An AI Context Module is a superset of a skill. It wraps one or more skills inside a module/ directory alongside additional assets:

my-project/
  module/                   # AI Module Directory
    AGENTS.md               # AI Main Spec
    commands/               # Assistant Commands
    mcps.json               # MCP Settings
    my-skill-A/             # Skill following agentskills.io
      SKILL.md
      scripts/
      reference/
      assets/
    my-skill-N/             # Another Skill
      SKILL.md
      scripts/
      reference/
      assets/

SKILLs are not everything. We also need MCP settings, agent personas, system prompts, commands, or custom bootstrap dependencies. The AI Context Module solves this by packaging an entire AI context - multiple skills plus all the supporting configuration - into a single distributable unit.

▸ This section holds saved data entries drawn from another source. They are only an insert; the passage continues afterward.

(* For every $N\times N$ stochastic matrix $A$ and every $t\geq 1$, one has $\frac{1}{N}\leq \tau_t(A)\leq 1$. Moreover, if $A$ is reducible, then $\tau_t(A)\leq 1-\frac{1}{N+1}$ for all $t\geq 1$.
   Context: Let $X$ be a square-integrable real random variable with $\mathbb E X=\theta$ and $\mathrm{Var}(X)=\sigma^2>0$. Fix an integer $N\geq 2$. For $i\in\{1,\dots,N\}$ and $t\geq 1$ let $X_t^{(i)}$ be random variables distributed as $X$, mutually independent over both $i$ and $t$, and write $\mathbf X_t=(X_t^{(1)},\dots,X_t^{(N)})^\top$. Let $A=(a_{ij})_{1\le i,j\le N}$ be a stochastic matrix ($a_{ij}\geq 0$ and every row sums to $1$). Define $\hat{\boldsymbol\theta}_1=\mathbf X_1$ and $\hat{\boldsymbol\theta}_{t+1}=\frac{t}{t+1}A\hat{\boldsymbol\theta}_t+\frac{1}{t+1}\mathbf X_{t+1}$ for $t\geq 1$. Let $\bar{\mathbb X}_{Nt}=\frac{1}{Nt}\sum_{i=1}^N\sum_{k=1}^t X_k^{(i)}$, $\mathbf 1=(1,\dots,1)^\top$, and let $\|\cdot\|$ denote the Euclidean norm. The performance ratio is $\tau_t(A)=\dfrac{\mathbb E\|(\bar{\mathbb X}_{Nt}-\theta)\mathbf 1\|^2}{\mathbb E\|\hat{\boldsymbol\theta}_t-\theta\mathbf 1\|^2}$, $t\geq 1$. A stochastic matrix $A$ is irreducible if for every pair $(i,j)$ there is an integer $k\geq 0$ with $(A^k)_{ij}\neq 0$, and reducible otherwise. *)

From HB Require Import structures.
From mathcomp Require Import all_boot all_order all_algebra.
Set Implicit Arguments. Unset Strict Implicit. Unset Printing Implicit Defensive.
Import Order.TTheory GRing.Theory Num.Theory.
Local Open Scope ring_scope.

Definition stochastic (R : numDomainType) (N : nat) (A : 'M[R]_N) : Prop :=
  (forall i j, 0 <= A i j) /\ (forall i, \sum_j A i j = 1).

Definition irreducible (R : numDomainType) (N : nat) (A : 'M[R]_N) : Prop :=
  forall i j, exists k : nat, (A ^+ k) i j != 0.

(* Abstract second-order probability model on a sample space Om:
   L1 = integrable random variables, L2 = square-integrable ones,
   E = expectation (linear, normalized, positive on L1). *)
Record expectation_space (R : realFieldType) (Om : Type)
    (L1 L2 : (Om -> R) -> Prop) (E : (Om -> R) -> R) : Prop := {
  L2_const : forall c : R, L2 (fun _ => c);
  L2_add : forall f g, L2 f -> L2 g -> L2 (fun w => f w + g w);
  L2_scale : forall (c : R) f, L2 f -> L2 (fun w => c * f w);
  L2_mul : forall f g, L2 f -> L2 g -> L1 (fun w => f w * g w);
  L1_add : forall f g, L1 f -> L1 g -> L1 (fun w => f w + g w);
  L1_scale : forall (c : R) f, L1 f -> L1 (fun w => c * f w);
  E_add : forall f g, L1 f -> L1 g -> E (fun w => f w + g w) = E f + E g;
  E_scale : forall (c : R) f, L1 f -> E (fun w => c * f w) = c * E f;
  E_const : forall c : R, E (fun _ => c) = c;
  E_pos : forall f, L1 f -> (forall w, 0 <= f w) -> 0 <= E f
}.

(* The samples X i t (i : 'I_N agent, t >= 1 time) are square integrable,
   with mean theta and variance sigma2, and pairwise independent (used only
   through E[X Y] = E[X] E[Y] for distinct pairs of samples). *)
Definition sample_model (R : realFieldType) (Om : Type) (N : nat)
    (L1 L2 : (Om -> R) -> Prop) (E : (Om -> R) -> R)
    (X : 'I_N -> nat -> Om -> R) (theta sigma2 : R) : Prop :=
  [/\ forall i t, (0 < t)%N -> L2 (X i t),
      forall i t, (0 < t)%N -> E (X i t) = theta,
      forall i t, (0 < t)%N -> E (fun w => (X i t w - theta) ^+ 2) = sigma2
    & forall i t j s, (0 < t)%N -> (0 < s)%N -> (i, t) != (j, s) ->
        E (fun w => X i t w * X j s w) = E (X i t) * E (X j s)].

(* theta_hat t i w : component i of the estimator at time t (t >= 1).
   theta_hat 0 is an unused junk value 0; the recursion at t = 0 gives
   theta_hat 1 = X_1 exactly. *)
Fixpoint theta_hat (R : realFieldType) (Om : Type) (N : nat) (A : 'M[R]_N)
    (X : 'I_N -> nat -> Om -> R) (t : nat) : 'I_N -> Om -> R :=
  match t with
  | 0 => fun _ _ => 0
  | t'.+1 => fun i w =>
      t'%:R / t'.+1%:R * (\sum_j A i j * theta_hat A X t' j w)
      + t'.+1%:R^-1 * X i t'.+1 w
  end.

Definition Xbar (R : realFieldType) (Om : Type) (N : nat)
    (X : 'I_N -> nat -> Om -> R) (t : nat) (w : Om) : R :=
  (N * t)%:R^-1 * \sum_(i < N) \sum_(1 <= k < t.+1) X i k w.

Definition tau (R : realFieldType) (Om : Type) (N : nat)
    (E : (Om -> R) -> R) (A : 'M[R]_N) (X : 'I_N -> nat -> Om -> R)
    (theta : R) (t : nat) : R :=
  E (fun w => \sum_(i < N) (Xbar X t w - theta) ^+ 2)
  / E (fun w => \sum_(i < N) (theta_hat A X t i w - theta) ^+ 2).

From HB Require Import structures.
From mathcomp Require Import all_boot all_order all_algebra.
From mathcomp Require Import zify ring boolp.
Set Implicit Arguments. Unset Strict Implicit. Unset Printing Implicit Defensive.
Import Order.TTheory GRing.Theory Num.Theory.
Local Open Scope ring_scope.

(** With e_k := X_k - theta 1, unrolling the recursion gives
    t (theta_hat_t - theta 1) = sum_(k < t) A^(t-1-k) e_(k+1).  The coordinates of
    the e_k are orthogonal with variance sigma^2, so
    E||theta_hat_t - theta 1||^2 = sigma^2 t^-2 sum_(m < t) ||A^m||_F^2, while
    E||(Xbar - theta) 1||^2 = sigma^2 / t; hence tau_t(A) = t / sum_(m < t) ||A^m||_F^2.
    The rows of a stochastic matrix are probability vectors, whose squared norms lie
    in [1/N, 1], so 1 <= ||A^m||_F^2 <= N.  If A is reducible, some state i0 cannot
    reach some state j0; the set S of states reachable from i0 is closed under every
    A^m, so the rows of A^m indexed by S are probability vectors supported in S and
    contribute at least |S| * (1/|S|) = 1, and row j0 adds at least 1/N more. *)

Lemma sum_ord_ge_const (R : numDomainType) t (F : 'I_t -> R) (a : R) :
  (forall k, a <= F k) -> t%:R * a <= \sum_k F k.
Proof. by move=> aF; rewrite -[t in t%:R]card_ord mulr_natl -sumr_const; exact: ler_sum. Qed.

Lemma sum_ord_le_const (R : numDomainType) t (F : 'I_t -> R) (b : R) :
  (forall k, F k <= b) -> \sum_k F k <= t%:R * b.
Proof. by move=> Fb; rewrite -[t in t%:R]card_ord mulr_natl -sumr_const; exact: ler_sum. Qed.

Section ExpectationSpace.
Variables (R : realFieldType) (Om : Type).
Variables (L1 L2 : (Om -> R) -> Prop) (E : (Om -> R) -> R).
Hypothesis HE : expectation_space L1 L2 E.

Lemma E_eqfun (f g : Om -> R) : f =1 g -> E f = E g.
Proof. by move=> /funext ->. Qed.

Lemma L1_eqfun (f g : Om -> R) : f =1 g -> L1 f -> L1 g.
Proof. by move=> /funext ->. Qed.

Lemma L2_eqfun (f g : Om -> R) : f =1 g -> L2 f -> L2 g.
Proof. by move=> /funext ->. Qed.

Lemma L1_of_L2 {f : Om -> R} : L2 f -> L1 f.
Proof.
move=> Lf; apply: (@L1_eqfun (fun w => f w * 1)) => [w|]; first exact: mulr1.
exact (L2_mul HE Lf (L2_const HE 1)).
Qed.

Lemma L1_sqr (f : Om -> R) : L2 f -> L1 (fun w => f w ^+ 2).
Proof. by move=> Lf; apply: L1_eqfun (L2_mul HE Lf Lf) => w; rewrite expr2. Qed.

Lemma L2_sub_const (f : Om -> R) (c : R) : L2 f -> L2 (fun w => f w - c).
Proof. by move=> Lf; exact (L2_add HE Lf (L2_const HE (- c))). Qed.

Section Sums.
Variables (I : Type) (P : pred I) (f : I -> Om -> R).

Lemma L1_sum (r : seq I) :
  (forall i, P i -> L1 (f i)) -> L1 (fun w => \sum_(i <- r | P i) f i w).
Proof.
move=> Lf; elim: r => [|a s IH].
  apply: (@L1_eqfun (fun _ => 0)) => [w|]; first by rewrite big_nil.
  exact: L1_of_L2 (L2_const HE 0).
have [Pa|nPa] := boolP (P a).
  apply: (@L1_eqfun (fun w => f a w + \sum_(i <- s | P i) f i w)) => [w|].
    by rewrite big_cons Pa.
  exact (L1_add HE (Lf a Pa) IH).
by apply: L1_eqfun IH => w; rewrite big_cons (negPf nPa).
Qed.

Lemma L2_sum (r : seq I) :
  (forall i, P i -> L2 (f i)) -> L2 (fun w => \sum_(i <- r | P i) f i w).
Proof.
move=> Lf; elim: r => [|a s IH].
  by apply: (@L2_eqfun (fun _ => 0)) => [w|]; [rewrite big_nil | exact: (L2_const HE 0)].
have [Pa|nPa] := boolP (P a).
  apply: (@L2_eqfun (fun w => f a w + \sum_(i <- s | P i) f i w)) => [w|].
    by rewrite big_cons Pa.
  exact (L2_add HE (Lf a Pa) IH).
by apply: L2_eqfun IH => w; rewrite big_cons (negPf nPa).
Qed.

Lemma E_sum (r : seq I) : (forall i, P i -> L1 (f i)) ->
  E (fun w => \sum_(i <- r | P i) f i w) = \sum_(i <- r | P i) E (f i).
Proof.
move=> Lf; elim: r => [|a s IH].
  rewrite big_nil -[RHS](E_const HE).
  by apply: E_eqfun => w; rewrite big_nil.
rewrite big_cons; have [Pa|nPa] := boolP (P a).
  rewrite -IH -(E_add HE (Lf a Pa) (L1_sum s Lf)).
  by apply: E_eqfun => w; rewrite big_cons Pa.
by rewrite -IH; apply: E_eqfun => w; rewrite big_cons (negPf nPa).
Qed.

End Sums.

Lemma E_sqr_orthogonal_sum (I : finType) (e : I -> Om -> R) (s2 : R) (c : I -> R) :
  (forall a, L2 (e a)) ->
  (forall a b, E (fun w => e a w * e b w) = (a == b)%:R * s2) ->
  E (fun w => (\sum_a c a * e a w) ^+ 2) = s2 * \sum_a c a ^+ 2.
Proof.
move=> Le Eab.
have Lab a b : L1 (fun w => c a * c b * (e a w * e b w)).
  exact (L1_scale HE _ (L2_mul HE (Le a) (Le b))).
rewrite (E_eqfun (g := fun w => \sum_a \sum_b c a * c b * (e a w * e b w))); last first.
  move=> w; rewrite expr2 mulr_suml; apply: eq_bigr => a _; rewrite mulr_sumr.
  by apply: eq_bigr => b _; ring.
rewrite E_sum => [|a _]; last exact: L1_sum.
rewrite mulr_sumr; apply: eq_bigr => a _.
rewrite E_sum // (bigD1 a) //= big1 => [|b nab].
  by rewrite addr0 (E_scale HE _ (L2_mul HE (Le a) (Le a))) Eab eqxx mul1r; ring.
by rewrite (E_scale HE _ (L2_mul HE (Le a) (Le b))) Eab eq_sym (negPf nab) mul0r mulr0.
Qed.

Lemma E_mul_centered (f g : Om -> R) (a b : R) : L2 f -> L2 g ->
  E (fun w => (f w - a) * (g w - b))
  = E (fun w => f w * g w) - a * E g - b * E f + a * b.
Proof.
move=> Lf Lg.
have Lfg := L2_mul HE Lf Lg.
have Laf := L1_scale HE (- b) (L1_of_L2 Lf).
have Lag := L1_scale HE (- a) (L1_of_L2 Lg).
have Lab := L1_of_L2 (L2_const HE (a * b)).
rewrite (E_eqfun (g := fun w => f w * g w + (- a * g w + (- b * f w + a * b)))); last first.
  by move=> w; ring.
rewrite (E_add HE Lfg (L1_add HE Lag (L1_add HE Laf Lab))).
rewrite (E_add HE Lag (L1_add HE Laf Lab)) (E_add HE Laf Lab).
by rewrite (E_scale HE _ (L1_of_L2 Lg)) (E_scale HE _ (L1_of_L2 Lf)) (E_const HE); ring.
Qed.

End ExpectationSpace.

Section StochasticMatrices.
Variable R : realFieldType.

Lemma sum_sqr_ge_inv_card (I : finType) (S : {set I}) (v : I -> R) :
  \sum_(j in S) v j = 1 -> #|S|%:R^-1 <= \sum_(j in S) v j ^+ 2.
Proof.
move=> Sv; set s : R := #|S|%:R.
have [s0|s_neq0] := eqVneq s 0.
  by rewrite s0 invr0; apply: sumr_ge0 => j _; exact: sqr_ge0.
have : 0 <= \sum_(j in S) (v j - s^-1) ^+ 2 by apply: sumr_ge0 => j _; exact: sqr_ge0.
suff -> : \sum_(j in S) (v j - s^-1) ^+ 2 = \sum_(j in S) v j ^+ 2 - s^-1.
  by rewrite subr_ge0.
have -> : \sum_(j in S) (v j - s^-1) ^+ 2
    = \sum_(j in S) v j ^+ 2 - (s^-1 *+ 2) * \sum_(j in S) v j + s^-1 ^+ 2 *+ #|S|.
  rewrite -sumr_const mulr_sumr -sumrB -big_split /=.
  by apply: eq_bigr => j _; ring.
by rewrite Sv -mulr_natr -/s expr2 -mulrA mulVf //; ring.
Qed.

Lemma sum_sqr_le1 (I : finType) (v : I -> R) :
  (forall j, 0 <= v j) -> \sum_j v j = 1 -> \sum_j v j ^+ 2 <= 1.
Proof.
move=> v_ge0 v1; rewrite -[leRHS]v1; apply: ler_sum => j _.
have vj_le1 : v j <= 1 by rewrite -v1 (bigD1 j) //= lerDl sumr_ge0.
by rewrite expr2 ler_piMr.
Qed.

Lemma pow_mx_ge0 N (A : 'M[R]_N) :
  (forall i j, 0 <= A i j) -> forall k i j, 0 <= (A ^+ k) i j.
Proof.
move=> A_ge0; elim=> [|k IH] i j; first by rewrite expr0 mxE ler0n.
by rewrite exprSr -mulmxE mxE sumr_ge0 // => l _; rewrite mulr_ge0.
Qed.

Lemma stochastic_pow N (A : 'M[R]_N) k : stochastic A -> stochastic (A ^+ k).
Proof.
move=> [A_ge0 A1]; split=> [|i]; first exact: pow_mx_ge0.
elim: k => [|k IH].
  rewrite expr0 (bigD1 i) //= big1 => [|j ji]; first by rewrite mxE eqxx addr0.
  by rewrite mxE eq_sym (negPf ji).
rewrite exprSr -mulmxE; under eq_bigr do rewrite mxE.
by rewrite exchange_big /= -IH; apply: eq_bigr => l _; rewrite -mulr_sumr A1 mulr1.
Qed.

Definition sqr_frobenius N (M : 'M[R]_N) : R := \sum_i \sum_j M i j ^+ 2.

Lemma stochastic_row_sqr_ge N (M : 'M[R]_N) i :
  stochastic M -> N%:R^-1 <= \sum_j M i j ^+ 2.
Proof.
move=> [_ M1]; have := @sum_sqr_ge_inv_card _ [set: 'I_N] (M i).
by rewrite cardsT card_ord !(eq_bigl _ _ (@in_setT _)) M1; apply.
Qed.

Lemma sqr_frobenius_stochastic_ge1 N (M : 'M[R]_N) :
  (0 < N)%N -> stochastic M -> 1 <= sqr_frobenius M.
Proof.
move=> N_gt0 HM; have -> : 1 = \sum_(i < N) N%:R^-1 :> R.
  by rewrite sumr_const card_ord -[_ *+ N]mulr_natl mulfV // pnatr_eq0 -lt0n.
by apply: ler_sum => i _; exact: stochastic_row_sqr_ge.
Qed.

Lemma sqr_frobenius_stochastic_le N (M : 'M[R]_N) :
  stochastic M -> sqr_frobenius M <= N%:R.
Proof.
move=> [M_ge0 M1]; rewrite -[in leRHS](card_ord N) -sumr_const.
by apply: ler_sum => i _; exact: sum_sqr_le1.
Qed.

Lemma sum_sqr_frobenius_pow_ge N (A : 'M[R]_N) t :
  (0 < N)%N -> stochastic A -> t%:R <= \sum_(m < t) sqr_frobenius (A ^+ m).
Proof.
move=> N_gt0 HA; rewrite -[leLHS]mulr1; apply: sum_ord_ge_const => m.
exact: sqr_frobenius_stochastic_ge1 N_gt0 (stochastic_pow m HA).
Qed.

Definition closed_set N (M : 'M[R]_N) (S : {set 'I_N}) : Prop :=
  forall i j, i \in S -> j \notin S -> M i j = 0.

Lemma closed_set_pow N (A : 'M[R]_N) S k : closed_set A S -> closed_set (A ^+ k) S.
Proof.
move=> AS; elim: k => [|k IH] i j iS jS.
  by rewrite expr0 mxE (_ : i == j = false) //; apply: contraNF jS => /eqP <-.
rewrite exprSr -mulmxE mxE big1 // => l _.
by have [lS|lS] := boolP (l \in S); [rewrite (AS l j) ?mulr0 | rewrite IH ?mul0r].
Qed.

AI Context Modules also solve the problem where a developer wants to integrate their codebase with AI context. A module can live inside a project, allowing skills to reference scripts, functions, or assets from the codebase itself. This is useful when you want to mix your codebase with agent knowledge - inheriting bootstrap scripts or utility functions into skills and commands. In this way, AI Context Modules extend skills to provide AI knowledge at a broader project level.

When to Use Each

Agent Skill AI Context Module
Use case Single focused capability (standalone or skill pack) Complete agent context
Contents SKILL.md + optional assets; or skills/ directory with multiple skills Multiple skills + AGENTS.md + commands + MCP
Standard AgentSkills.io Lola extension of the standard
Example A code review skill, or a pack of review + lint + test skills A full DevSecOps module with review, security, and compliance skills
Init Manual or future lola skill init lola mod init

See Installing Modules for more details.

AI as Code

The vision behind AI Context Modules is AI as Code: agent settings, MCP configurations, skills, and context dependencies - all managed as code, versioned, and distributable as packages. With Lola, your entire AI agent context tree can be deployed and shared across teams and tools.